We woke up the next morning with a hot shower and breakfast in the hotel before setting out to explore. Within 5 minutes of venturing out, we were both in heaven. The large main street in lakeside (part of Pokhara) is full of bustling shops selling the most wonderful array of clothing, traditional buddhist items such as singing bowls and prayer wheels, book shops, music shops, as well as the huge variety of restaurants. The most incredible part of Pokhara is the laid back and relaxed atmosphere, no touts, no horns, no tuktuks nothing but tranquility and the occasional sound of the Chillies coming from a nearby restaurant. We spent the day shopping, buying jumpers made from 100% yaks wool and traditional nepali hats, which felt like we were breaking the bank but I guess for a jumper and 3 hats for 1800 rupee isnt too bad, seeing as that comes to around 16 quid! In the evening we ventured out to find some food, by venturing out i mean going next door from our hotel to the better one which has a very chilled restaurant with guitars and drums you can play freely and great food. We did feel slightly cheeky walking outside and literally across the road but whatever, we now do it every single breakfast and as I write this we are relaxing across the road too. The hotel is called Peace Eye, which is recommended by the LP as the best budget hotel in town.

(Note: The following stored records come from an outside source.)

(* Let $(T,f,(\le_h))$ be an ordered merge tree. Then $\mathcal T(\mathcal L((T,f,(\le_h))))=(T,f,(\le_h))$.
   Context: A merge tree $(T,f)$: a finite rooted tree $T$ identified with its topological realisation, with a continuous $f\colon T\to\mathbb{R}\cup\{\infty\}$ strictly increasing towards the root, $f(v)=\infty$ iff $v$ is the root; lowest leaf at height $0$; $L(T)$ is the set of leaves. $T_x$ is the subtree of descendants of $x$; $\mathrm{lca}$ the lowest common ancestor; $\mathrm{anc}_h(x)$ the unique ancestor of $x$ at height $h\ge f(x)$; $\mathbb{L}_h=\{x:f(x)=h\}$. A layer-order is a family $(\le_h)_{h\ge0}$ of total orders on the $\mathbb{L}_h$ that is consistent ($h_1\le h_2$ and $x_1\le_{h_1}x_2$ imply $\mathrm{anc}_{h_2}(x_1)\le_{h_2}\mathrm{anc}_{h_2}(x_2)$); $(T,f,(\le_h))$ is an ordered merge tree. A leaf-order is a total order $\sqsubseteq_L$ on $L(T)$ such that $u_1\sqsubseteq_L u\sqsubseteq_L u_2$ implies $u\in T_{\mathrm{lca}(u_1,u_2)}$; $(T,f,\sqsubseteq_L)$ is a leaf-ordered merge tree. $\mathcal L((T,f,(\le_h)))=(T,f,\sqsubseteq_L)$ with $u_1\sqsubseteq_L u_2$ iff $\mathrm{anc}_h(u_1)\le_h\mathrm{anc}_h(u_2)$ for $h=\max(f(u_1),f(u_2))$. $\mathcal T((T,f,\sqsubseteq_L))=(T,f,(\le_h))$ with $x_1\le_h x_2$ (for $x_1,x_2\in\mathbb{L}_h$) iff $x_1=x_2$ or $u_1\sqsubseteq_L u_2$ for all leaves $u_1\in T_{x_1}$, $u_2\in T_{x_2}$. *)

From HB Require Import structures.
From mathcomp Require Import all_boot all_order all_algebra.
From mathcomp Require Import reals.
Set Implicit Arguments. Unset Strict Implicit. Unset Printing Implicit Defensive.
Import Order.TTheory GRing.Theory Num.Theory.
Local Open Scope ring_scope.

(* The combinatorial tree is given by a finite vertex
   type, a parent map and a root; [mt_f v] is the (finite) height of every
   non-root vertex, the root having height +infinity.

   Topological realisation: since f is continuous and strictly increasing
   towards the root, the points of the (open, half-open) edge from a non-root
   vertex v to its parent are in bijection with the heights strictly between
   f v and f (parent v) (resp. +oo when the parent is the root).  Hence every
   non-root point of the realisation is represented uniquely by a pair (v, h)
   where v is the lower endpoint of its edge (or the vertex itself) and
   f v <= h < f (parent v).  The root (the unique point with f = oo) plays no
   role in the layers L_h, h >= 0 real, and is not represented. *)
Record merge_tree (R : realType) := MergeTree {
  mt_V : finType;
  mt_par : mt_V -> mt_V;
  mt_root : mt_V;
  mt_f : mt_V -> R;
  mt_par_root : mt_par mt_root = mt_root;
  mt_rooted : forall v, exists n, iter n mt_par v = mt_root;
  mt_incr : forall v, v != mt_root -> mt_par v != mt_root ->
            mt_f v < mt_f (mt_par v)
}.

Section MergeTreeDefs.
Variable R : realType.
Variable M : merge_tree R.

Notation V := (mt_V M).
Notation par := (@mt_par R M).
Notation root := (mt_root M).
Notation f := (@mt_f R M).

Definition point := (V * R)%type.

Definition is_point (x : point) : Prop :=
  x.1 != root /\ f x.1 <= x.2 /\ (par x.1 = root \/ x.2 < f (par x.1)).

Definition height (x : point) : R := x.2.

Definition in_layer (h : R) (x : point) : Prop := is_point x /\ height x = h.

Definition vanc (v w : V) : Prop := exists n, iter n par v = w.

Definition desc (x y : point) : Prop :=
  is_point x /\ is_point y /\ height x <= height y /\ vanc x.1 y.1.

Definition is_leaf (v : V) : Prop :=
  v != root /\ forall u, u != root -> par u != v.

Definition leaf_point (u : V) : point := (u, f u).

Definition climb_step (h : R) (w : V) : V :=
  if (par w != root) && (f (par w) <= h) then par w else w.

Definition anc (h : R) (x : point) : point :=
  (iter #|V| (climb_step h) x.1, h).

Definition layer_rel := R -> point -> point -> Prop.

Definition total_order_on (P : point -> Prop) (le : point -> point -> Prop) :=
  (forall x, P x -> le x x) /\
  (forall x y, P x -> P y -> le x y -> le y x -> x = y) /\
  (forall x y z, P x -> P y -> P z -> le x y -> le y z -> le x z) /\
  (forall x y, P x -> P y -> le x y \/ le y x).

Definition is_layer_order (ord : layer_rel) : Prop :=
  (forall h, 0 <= h -> total_order_on (in_layer h) (ord h)) /\
  (forall h1 h2 x1 x2, 0 <= h1 -> h1 <= h2 ->
     in_layer h1 x1 -> in_layer h1 x2 -> ord h1 x1 x2 ->
     ord h2 (anc h2 x1) (anc h2 x2)).

Definition Lmap (ord : layer_rel) (u1 u2 : V) : Prop :=
  let h := Num.max (f u1) (f u2) in
  ord h (anc h (leaf_point u1)) (anc h (leaf_point u2)).

Definition Tmap (sq : V -> V -> Prop) (h : R) (x1 x2 : point) : Prop :=
  x1 = x2 \/
  (forall u1 u2, is_leaf u1 -> is_leaf u2 ->
     desc (leaf_point u1) x1 -> desc (leaf_point u2) x2 -> sq u1 u2).

End MergeTreeDefs.

Definition lowest_leaf_at_0 (R : realType) (M : merge_tree R) : Prop :=
  (exists u, @is_leaf R M u /\ @mt_f R M u = 0) /\
  (forall u, @is_leaf R M u -> 0 <= @mt_f R M u).

From mathcomp Require Import all_boot all_order all_algebra.
From mathcomp Require Import reals.
Import Order.TTheory GRing.Theory Num.Theory.

(* Every point x of a layer L_h lies above some leaf u, and for
   f u <= H <= h the ancestor at height h of anc_H u is the unique point of
   L_h above u.  So, by consistency, the comparison of two leaves u1, u2 at
   height max (f u1) (f u2) carries over to the points of L_h above them:
   this gives T(L(<=_h)) => <=_h.  Conversely, if u1, u2 were compared the
   wrong way at that height, consistency would give x2 <=_h x1, and
   antisymmetry would force x1 = x2. *)

Lemma iter_card_fixpoint {d} {X : porderType d} {T : finType} (m : T -> X)
    (g : T -> T) :
  (forall y, g y != y -> (m y < m (g y))%O) ->
  forall x, g (iter #|T| g x) = iter #|T| g x.
Proof.
move=> g_incr x.
pose rank y := #|[set z | (m z < m y)%O]|.
have rank_lt y : (rank y < #|T|)%N.
  rewrite -cardsT; apply: proper_card; apply/properP; split; first exact: subsetT.
  by exists y; rewrite !inE ?ltxx.
have rank_incr y : g y != y -> (rank y < rank (g y))%N.
  move=> /g_incr m_lt; apply: proper_card; apply/properP; split.
    by apply/subsetP => z; rewrite !inE => /lt_trans; apply.
  by exists y; rewrite !inE ?ltxx.
suff /(_ #|T|) [//|le_card] :
    forall k, g (iter k g x) = iter k g x \/ (k <= rank (iter k g x))%N.
  by have := leq_ltn_trans le_card (rank_lt _); rewrite ltnn.
elim=> [|k IH]; first by right.
rewrite iterS; have [fix_k|nfix_k] := eqVneq (g (iter k g x)) (iter k g x).
  by left; rewrite !fix_k.
case: IH => [fix_k|le_k]; first by rewrite fix_k eqxx in nfix_k.
by right; apply: leq_ltn_trans le_k (rank_incr _ nfix_k).
Qed.

Local Open Scope ring_scope.

Section MergeTreeAncestors.
Set Implicit Arguments.
Unset Strict Implicit.
Variables (R : realType) (M : merge_tree R).
Local Notation V := (mt_V M).
Local Notation par := (@mt_par R M).
Local Notation root := (mt_root M).
Local Notation f := (@mt_f R M).
Implicit Types (u v w a b : V) (x p q : point M) (h : R).

Lemma iter_par_root k : iter k par root = root.
Proof. by elim: k => //= k ->; exact: mt_par_root. Qed.

Lemma vanc_refl v : vanc v v.
Proof. by exists 0%N. Qed.

Lemma vanc_par v : vanc v (par v).
Proof. by exists 1%N. Qed.

Lemma vanc_trans u v w : vanc u v -> vanc v w -> vanc u w.
Proof. by move=> [a <-] [b <-]; exists (b + a)%N; rewrite iterD. Qed.

Lemma vanc_total v a b : vanc v a -> vanc v b -> vanc a b \/ vanc b a.
Proof.
move=> [i <-] [j <-]; have [le_ij|/ltnW le_ji] := leqP i j.
  by left; exists (j - i)%N; rewrite -iterD subnK.
by right; exists (i - j)%N; rewrite -iterD subnK.
Qed.

Lemma vancP u v : reflect (vanc u v) (fconnect par u v).
Proof.
apply: (iffP idP) => [/iter_findex <-|[n <-]]; last exact: fconnect_iter.
by exists (findex par u v).
Qed.

Lemma f_le_vanc u w : vanc u w -> w != root -> f u <= f w.
Proof.
move=> [k <-]; elim: k => [|k IH] //= par_nroot.
have k_nroot : iter k par u != root.
  by apply: contraNneq par_nroot => ->; rewrite mt_par_root.
exact: le_trans (IH k_nroot) (ltW (mt_incr k_nroot par_nroot)).
Qed.

Lemma exists_leaf_below v : v != root -> exists2 u, is_leaf u & vanc u v.
Proof.
move=> v_nroot; pose P u := (u != root) && fconnect par u v.
have Pv : P v by rewrite /P v_nroot connect0.
case: (arg_minP f Pv) => u /andP[u_nroot /vancP uv] u_min.
exists u => //; split=> // w w_nroot; apply/eqP => par_w.
have Pw : P w.
  rewrite /P w_nroot; apply/vancP; apply: vanc_trans uv.
  by rewrite -par_w; exact: vanc_par.
have par_nroot : par w != root by rewrite par_w.
have := mt_incr w_nroot par_nroot.
by rewrite par_w => /lt_le_trans/(_ (u_min w Pw)); rewrite ltxx.
Qed.

Lemma f_le_height u x : is_point x -> vanc u x.1 -> f u <= height x.
Proof.
move=> [x_nroot [fx_le _]] ux.
by rewrite /height; exact: le_trans (f_le_vanc ux x_nroot) fx_le.
Qed.

Lemma leaf_point_is_point u : u != root -> is_point (leaf_point u).
Proof.
move=> u_nroot; do !split => //=.
by have [|par_nroot] := eqVneq (par u) root; [left | right; exact: mt_incr].
Qed.

Lemma desc_leaf_point u x :
  u != root -> is_point x -> vanc u x.1 -> desc (leaf_point u) x.
Proof.
move=> u_nroot x_pt ux; split; first exact: leaf_point_is_point.
by do 2!split => //; exact: f_le_height.
Qed.

(* The half-open edge of a point forbids a second point at the same height
   further up the same branch. *)
Lemma vanc_point_eq p q :
  is_point p -> is_point q -> height p = height q -> vanc p.1 q.1 -> p = q.
Proof.
case: p q => [v h] [w h'] [_ [_ top_v]] [w_nroot [fw_le _]] /= eq_h; subst h'.
case=> [[|n] vw]; first by rewrite -vw.
have par_vw : vanc (par v) w by exists n; rewrite -iterSr.
case: top_v => [par_root|h_lt].
  by move: w_nroot; case: par_vw => k <-; rewrite par_root iter_par_root eqxx.
by have := lt_le_trans h_lt (le_trans (f_le_vanc par_vw w_nroot) fw_le); rewrite ltxx.
Qed.

Lemma point_eq_common_desc v p q : is_point p -> is_point q ->
  height p = height q -> vanc v p.1 -> vanc v q.1 -> p = q.
Proof.
move=> p_pt q_pt hpq vp vq; have [pq|qp] := vanc_total vp vq.
  exact: vanc_point_eq.
by apply/esym/vanc_point_eq.
Qed.

Lemma vanc_climb_step h w : vanc w (climb_step h w).
Proof. by rewrite /climb_step; case: ifP => _; [exact: vanc_par | exact: vanc_refl]. Qed.

Lemma vanc_anc h x : vanc x.1 (anc h x).1.
Proof.
rewrite /anc /=; elim: #|V| => [|n IH] /=; first exact: vanc_refl.
exact: vanc_trans IH (vanc_climb_step _ _).
Qed.

Lemma anc_below h x :
  x.1 != root -> f x.1 <= h -> (anc h x).1 != root /\ f (anc h x).1 <= h.
Proof.
move=> x_nroot fx_le; rewrite /anc /=.
elim: #|V| => [|n [w_nroot fw_le]] //=.
by rewrite /climb_step; case: ifP => // /andP[].
Qed.

Lemma climb_step_anc h x : climb_step h (anc h x).1 = (anc h x).1.
Proof.
apply: (iter_card_fixpoint f) => w; rewrite /climb_step.
case: ifP => [/andP[par_nroot _] par_neq|_]; last by rewrite eqxx.
apply: mt_incr par_nroot; apply: contraNneq par_neq => ->.
by rewrite mt_par_root.
Qed.

Lemma anc_in_layer h x : x.1 != root -> f x.1 <= h -> in_layer h (anc h x).
Proof.
move=> x_nroot fx_le; have [w_nroot fw_le] := anc_below x_nroot fx_le.
have w_fix := climb_step_anc h x.
move: w_nroot fw_le w_fix; rewrite /anc /=.
set w := iter _ _ _ => w_nroot fw_le w_fix.
do !split => //.
have [|par_nroot] := eqVneq (par w) root; [by left | right].
move: w_fix; rewrite /climb_step par_nroot /=; case: leP => // _ par_w.
by have := mt_incr w_nroot par_nroot; rewrite par_w ltxx.
Qed.

Lemma anc_eq v h x y : x.1 != root -> f x.1 <= h -> in_layer h y ->
  vanc v x.1 -> vanc v y.1 -> anc h x = y.
Proof.
move=> x_nroot fx_le [y_pt y_h] vx vy.
have [a_pt a_h] := anc_in_layer x_nroot fx_le.
apply: (point_eq_common_desc (v := v)) => //.
exact: vanc_trans vx (vanc_anc h x).
Qed.

Lemma anc_anc_leaf_point H h u x : u != root -> f u <= H -> H <= h ->
  in_layer h x -> vanc u x.1 -> anc h (anc H (leaf_point u)) = x.
Proof.
move=> u_nroot fu_le H_le x_h ux.
have [a_nroot a_le] := anc_below (x := leaf_point u) u_nroot fu_le.
apply: (anc_eq (v := u)) => //; first exact: le_trans a_le H_le.
exact: (vanc_anc H (leaf_point u)).
Qed.

Section LeafOrderOfLayerOrder.
Variable ord : layer_rel M.
Hypothesis ord_layer : is_layer_order ord.

Lemma Lmap_lift h u1 u2 x1 x2 : 0 <= f u1 -> u1 != root -> u2 != root ->
  in_layer h x1 -> in_layer h x2 -> vanc u1 x1.1 -> vanc u2 x2.1 ->
  Lmap ord u1 u2 -> ord h x1 x2.
Proof.
move=> f1_ge0 u1_nroot u2_nroot x1_h x2_h u1x1 u2x2.
rewrite /Lmap; set H := Num.max _ _ => ord_H.
have f1_le : f u1 <= H by rewrite le_max lexx.
have f2_le : f u2 <= H by rewrite le_max lexx orbT.
have f1_le_h : f u1 <= h by rewrite -x1_h.2; exact: f_le_height x1_h.1 u1x1.
have f2_le_h : f u2 <= h by rewrite -x2_h.2; exact: f_le_height x2_h.1 u2x2.
have H_le : H <= h by rewrite /H ge_max f1_le_h f2_le_h.
rewrite -(anc_anc_leaf_point u1_nroot f1_le H_le x1_h u1x1).
rewrite -(anc_anc_leaf_point u2_nroot f2_le H_le x2_h u2x2).
by apply: ord_layer.2 ord_H => //; [exact: le_trans f1_ge0 f1_le | exact: anc_in_layer..].
Qed.

Lemma Lmap_total u1 u2 : 0 <= f u1 -> u1 != root -> u2 != root ->
  Lmap ord u1 u2 \/ Lmap ord u2 u1.
Proof.
move=> f1_ge0 u1_nroot u2_nroot; rewrite /Lmap [Num.max (f u2) _]maxC.
set H := Num.max _ _.
have f1_le : f u1 <= H by rewrite le_max lexx.
have f2_le : f u2 <= H by rewrite le_max lexx orbT.
have [_ [_ [_ ord_total]]] := ord_layer.1 H (le_trans f1_ge0 f1_le).
by apply: ord_total; exact: anc_in_layer.
Qed.

End LeafOrderOfLayerOrder.
End MergeTreeAncestors.

Theorem lemma8 (R : realType) (M : merge_tree R) (ord : layer_rel M) :
  lowest_leaf_at_0 M ->
  is_layer_order ord ->
  forall h : R, 0 <= h ->
  forall x1 x2 : point M, in_layer h x1 -> in_layer h x2 ->
  (Tmap (Lmap ord) h x1 x2 <-> ord h x1 x2).
Proof.
move=> [_ leaf_ge0] ord_layer h h_ge0 x1 x2 x1_h x2_h.
have [ord_refl [ord_anti _]] := ord_layer.1 h h_ge0.
have [x1_pt _] := x1_h; have [x2_pt _] := x2_h.
split=> [[<- | T_x12] | ord_x12]; first exact: ord_refl.
  have [u1 u1_leaf u1x1] := exists_leaf_below x1_pt.1.
  have [u2 u2_leaf u2x2] := exists_leaf_below x2_pt.1.
  have [u1_nroot _] := u1_leaf; have [u2_nroot _] := u2_leaf.
  apply: (Lmap_lift ord_layer (leaf_ge0 u1 u1_leaf) u1_nroot u2_nroot) => //.
  by apply: T_x12 => //; exact: desc_leaf_point.
have [<-|x12_neq] := eqVneq x1 x2; [by left | right].
move=> u1 u2 u1_leaf u2_leaf [_ [_ [_ u1x1]]] [_ [_ [_ u2x2]]].
have [u1_nroot _] := u1_leaf; have [u2_nroot _] := u2_leaf.
have [//|ord_21] := Lmap_total ord_layer (leaf_ge0 u1 u1_leaf) u1_nroot u2_nroot.
have ord_x21 :=
  Lmap_lift ord_layer (leaf_ge0 u2 u2_leaf) u2_nroot u1_nroot x2_h x1_h u2x2 u1x1 ord_21.
by rewrite (ord_anti _ _ x1_h x2_h ord_x12 ord_x21) eqxx in x12_neq.
Qed.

The following day we spent finding out what to do in Pokhara and a bit more window shopping. We then took out a boat on the Phewa Tal lake for 3 hours, soaking up the rays and reading up on the famous Ghurka soldiers. That evening we went to the LemonTree restaurant and had our first carnivorous meal in over 2 weeks, relief! James had a locally caught fish from the Phewa Tal lake, whereas Tim had the Chicken sizzler, which literally sizzled as it was brought to the table.
The next few days should be good fun doing some hill treks to specific points around Pokhara, bit more shopping - Tim's going buy a few Khukuri knives - also going on an hours paragliding flight over the Himalayas!!!